The Marine Corps doesn’t have chaplains. But that’s because the Marine Corps is just another corps of the Navy, and so Navy chaplains minister to Marines. It would be like saying that the Navy Corps of Engineers doesn’t have chaplains either, which is also technically true, but misleading.
One would assume that Starfleet, the pseudomilitary organization of the United Federation of Planets (which Earth, it is hoped, will be a founding world of) won’t have chaplains either, but for entirely different reasons than why the Marine Corps and the Navy Corps of Engineers don’t have chaplains.
Star Trek creator Gene Roddenberry was an atheist, and so he imagined a future for Earth without war, without money, without poverty, and… without religion.
There are fleeting references to religion in Star Trek (now known by the retronym “The Original Series”), but these can be explained away as turns of phrase.

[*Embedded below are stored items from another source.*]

(* Let $m\ge1$, $n=2m$, and let $\mathcal{S}_m\subset\mathcal{S}_n\subset\mathcal{T}$ be nested subsets of the training set of sizes $m$ and $n$, with regularized empirical risks $R_m,R_n$ and minimizers $\mathbf{w}_m^*,\mathbf{w}_n^*$. Let $\mathbf{w}_m$ satisfy $\mathbb{E}[R_m(\mathbf{w}_m)-R_m(\mathbf{w}_m^* )]\le V_m$. Let an iterative descent method (deterministic or stochastic) be applied to $R_n$ which is linearly convergent with factor $0\le\rho_n<1$, i.e., for any initial point $\mathbf{u}_0$, its iterate $\mathbf{u}_s$ after $s$ iterations satisfies $\mathbb{E}[R_n(\mathbf{u}_s)-R_n(\mathbf{w}_n^* )]\le\rho_n^{s}\,(R_n(\mathbf{u}_0)-R_n(\mathbf{w}_n^* ))$ (expectation over the method's internal randomness). Let $\mathbf{w}_n$ be the output of $s_n$ iterations of this method started at $\mathbf{w}_m$. If $$s_n\ \ge\ -\frac{\log\left[3\cdot 2^\alpha+(2^\alpha-1)\left(2+\frac{c}{2}\|\mathbf{w}^*\|^2\right)\right]}{\log\rho_n},$$ then $\mathbb{E}[R_n(\mathbf{w}_n)-R_n(\mathbf{w}_n^* )]\le V_n$.
   Context: Let $Z$ be a random variable with distribution $P$ on a space $\mathcal{Z}$ and $f:\mathbb{R}^p\times\mathcal{Z}\to\mathbb{R}$ a loss function. The expected loss is $L(\mathbf{w})=\mathbb{E}_Z[f(\mathbf{w},Z)]$ and $\mathbf{w}^*$ denotes a minimizer of $L$. The training set $\mathcal{T}=\{z_1,\dots,z_N\}$ consists of $N$ independent samples from $P$. For a (fixed, data-independent) subset $\mathcal{S}\subseteq\mathcal{T}$ with $k$ elements, the empirical loss is $L_{\mathcal{S}}(\mathbf{w})=\frac1k\sum_{z\in\mathcal{S}}f(\mathbf{w},z)$; for the sets $\mathcal{S}_k$ we write $L_k=L_{\mathcal{S}_k}$. Statistical accuracy: $V_k=\gamma/k^\alpha$ with constants $\gamma>0$ and $\alpha\in[0.5,1]$, and it is assumed that for every $k$ and every set $\mathcal{S}$ of $k$ independent samples from $P$, $\mathbb{E}[\sup_{\mathbf{w}\in\mathbb{R}^p}|L(\mathbf{w})-L_{\mathcal{S}}(\mathbf{w})|]\le V_k$ (expectation over the samples). For a constant $c>0$ the regularized empirical risk is $R_k(\mathbf{w})=L_k(\mathbf{w})+\frac{cV_k}{2}\|\mathbf{w}\|^2$, with minimizer $\mathbf{w}_k^*$. Assumption: for every $z$, $f(\cdot,z)$ is convex with $M$-Lipschitz continuous gradient. In the conclusion the expectation is over the training samples and the randomness of the method. *)

From HB Require Import structures.
From mathcomp Require Import all_ssreflect_compat ssralg ssrnum ssrint poly matrix.
From mathcomp Require Import interval archimedean finmap interval_inference.
From mathcomp Require Import boolp classical_sets functions cardinality fsbigop.
From mathcomp Require Import reals ereal topology normedtype sequences measure.
From mathcomp Require Import exp numfun realfun measurable_realfun derive.
From mathcomp Require Import lebesgue_measure lebesgue_integral probability.
Import Order.TTheory GRing.Theory Num.Def Num.Theory.
Import numFieldNormedType.Exports.
Set Implicit Arguments. Unset Strict Implicit. Unset Printing Implicit Defensive.
Local Open Scope classical_set_scope.
Local Open Scope ring_scope.
(* T with natural bipartition V_X = {isX = true}, V_Y = {isX = false},
   vertices of V_X of valency |X|, of V_Y of valency |Y|. *)
Definition biregular_tree (isX : V -> bool) (X Y : Type) : Prop :=
  is_tree /\
  (forall u v, adj u v -> isX u <> isX v) /\
  (forall v, isX v = true -> exists f : {w | adj v w} -> X, bijective f) /\
  (forall v, isX v = false -> exists f : {w | adj v w} -> Y, bijective f).

(* legal colouring c : AT -> X ⊔ Y (values on non-arcs are irrelevant) *)
Definition legal_colouring (isX : V -> bool) (X Y : Type) (c : V -> V -> X + Y) : Prop :=
  (forall v, isX v = true ->
     (forall w, adj v w -> exists x, c v w = inl x) /\
     (forall w w', adj v w -> adj v w' -> c v w = c v w' -> w = w') /\
     (forall x, exists w, adj v w /\ c v w = inl x)) /\
  (forall v, isX v = false ->
     (forall w, adj v w -> exists y, c v w = inr y) /\
     (forall w w', adj v w -> adj v w' -> c v w = c v w' -> w = w') /\
     (forall y, exists w, adj v w /\ c v w = inr y)) /\
  (forall v u u', adj u v -> adj u' v -> c u v = c u' v).

Definition is_aut (g : V -> V) : Prop :=
  bijective g /\ (forall u v, adj u v <-> adj (g u) (g v)).

Definition in_U (isX : V -> bool) (X Y : Type) (c : V -> V -> X + Y)
  (M : (X -> X) -> Prop) (N : (Y -> Y) -> Prop) (g : V -> V) : Prop :=
  is_aut g /\
  (forall v, isX (g v) = isX v) /\
  (forall v, isX v = true ->
     exists m, M m /\
       forall w x, adj v w -> c v w = inl x -> c (g v) (g w) = inl (m x)) /\
  (forall v, isX v = false ->
     exists n, N n /\
       forall w y, adj v w -> c v w = inr y -> c (g v) (g w) = inr (n y)).

Definition in_colour (X Y : Type) (c : V -> V -> X + Y) (v : V) (k : X + Y) : Prop :=
  forall u, adj u v -> c u v = k.

End Graph.

From Stdlib Require Import List Relations ClassicalEpsilon Classical Lia.
Import ListNotations.
Set Implicit Arguments.
Unset Strict Implicit.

By the time of Star Trek: The Next Generation, the writers were much clearer on Roddenberry’s idea that humans have outgrown the need for religion (see for example “Who Watches the Watchers?”).
On Star Trek: Enterprise, which is set well before the original series, Dr. Phlox (John Billingsley) mentions exploring Earth’s religions, attending services at the Vatican and elsewhere on the planet. But I don’t recall any mention of the Denobulan doctor’s own religion from his home planet. Presumably he doesn’t have one.
So by the time of Captain Kirk, it seems no human practices any religion. However, Star Trek commentator Steve Shives posits that Starfleet will still need chaplains. To some extent.
This 17-minute video is hilariously blasphemous, in my opinion. Others might say it’s inappropriately sacrilegious.
The open thread question: Assuming human civilization continues to exist to the 24th Century, what part, if any, will religion play in people’s lives?